Rich man, poor man
My kids used to go to a wonderful little private school. It was a stretch to afford it, but I felt the benefits outweighed the burden. Then the tuition went up, and up, and up. So we left. The wonderful little private school is now precisely like all the other private schools in our area, in that it has two classes of students: rich kids and kids on financial aid. (We joke that the students are made up of the kids of the investment bankers and the kids of their chauffeurs.) The middle income families have gone into the public schools.
The political scene has seen the same shift. One hundred years ago, Republicans were rich and Democrats were not. That started changing with the Roosevelt Democrats. The change is now complete. As John at Power Line points out in a post about Democratic efforts to shut down Republican 527s:
Most rich people who care about politics are on the Left, and the Democrats have also mastered internet fundraising better than the Republicans. As a result, it is a given, for the foreseeable future, that in every important race the Democrats will have more money than the Republicans.
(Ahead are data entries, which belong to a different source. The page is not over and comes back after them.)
Lemma continuous_gfact_deriv (q y : R) (n : nat) : continuous (fun y => gfact_deriv y q n) y.
Proof.
  induction n as [|n IH]; simpl; [apply continuous_const|].
  apply (continuous_plus (fun y => gfact_deriv y q n * (y - INR n * q)) (fun y => gfact y q n)).
  - apply (continuous_mult (fun y => gfact_deriv y q n) (fun y => y - INR n * q)); [exact IH|].
    apply (@ex_derive_continuous R_AbsRing R_NormedModule). auto_derive. exact I.
  - apply (@ex_derive_continuous R_AbsRing R_NormedModule). eexists. apply is_derive_gfact.
Qed.

Lemma is_RInt_gfact_deriv (q r : R) (n : nat) :
  is_RInt (fun x => gfact_deriv (- x + r) q n) 0 1 (gfact r q n - gfact (r + -1) q n).
Proof.
  assert (Hval : gfact r q n - gfact (r + -1) q n =
    minus ((fun x => - gfact (- x + r) q n) 1) ((fun x => - gfact (- x + r) q n) 0)).
  { unfold minus, plus, opp; simpl.
    replace (- (1) + r) with (r + -1) by ring. replace (- 0 + r) with r by ring. lra. }
  rewrite Hval. apply (@is_RInt_derive R_CompleteNormedModule (fun x => - gfact (- x + r) q n)).
  - intros x _.
    replace (gfact_deriv (- x + r) q n) with (- (-1 * gfact_deriv (- x + r) q n)) by ring.
    apply (@is_derive_opp R_AbsRing R_NormedModule).
    apply (is_derive_comp (fun y => gfact y q n) (fun x => - x + r)); [apply is_derive_gfact|].
    auto_derive; [exact I|ring].
  - intros x _. apply (continuous_comp (fun x => - x + r) (fun y => gfact_deriv y q n)).
    + apply (@ex_derive_continuous R_AbsRing R_NormedModule). auto_derive. exact I.
    + apply continuous_gfact_deriv.
Qed.

Lemma is_RInt_sum_f_R0 (f : nat -> R -> R) (I : nat -> R) (a b : R) (n : nat) :
  (forall k, is_RInt (f k) a b (I k)) ->
  is_RInt (fun x => sum_f_R0 (fun k => f k x) n) a b (sum_f_R0 I n).
Proof.
  intro Hf. induction n as [|n IH]; [exact (Hf 0%nat)|].
  apply (@is_RInt_plus R_NormedModule _ _ a b _ _ IH (Hf (S n))).
Qed.

Lemma is_RInt_chat (q r : R) (n : nat) :
  is_RInt (fun x => gfact (- x + r) q n) 0 1 (chat q n r).
Proof.
  unfold chat. rewrite <- RInt_Reals.
  apply (@RInt_correct R_CompleteNormedModule), ex_RInt_Reals_1, gfact_integrable.
Qed.

Lemma is_RInt_mul_gfact_egf (q r : R) (B : fps) (n : nat) :
  is_RInt (fun x => fps_mul (gfact_egf q (- x + r)) B n) 0 1 (fps_mul (egf_chat q r) B n).
Proof.
  apply is_RInt_sum_f_R0. intro k. unfold gfact_egf, egf_chat.
  replace (fun x => gfact (- x + r) q k / INR (fact k) * B (n - k)%nat)
    with (fun x => scal (B (n - k)%nat / INR (fact k)) (gfact (- x + r) q k))
    by (extensionality x; unfold scal; simpl; unfold mult; simpl; unfold Rdiv; ring).
  replace (chat q k r / INR (fact k) * B (n - k)%nat)
    with (scal (B (n - k)%nat / INR (fact k)) (chat q k r))
    by (unfold scal; simpl; unfold mult; simpl; unfold Rdiv; ring).
  apply (@is_RInt_scal R_NormedModule), is_RInt_chat.
Qed.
Just as the private schools in my community are for rich kids and their subsidized school mates, so too is the Democratic party for the very, very rich and their downtrodden buddies in select urban areas. The middle income families (and those shading high and shading low in that middle, too), have gone to the Republicans or, sadly, collapsed into complete political inertia.
The question remaining is whether, just as more money in the home buys the better quality private schools, more money in the political arena will guarantee the rich party a numerical advantage at the polls.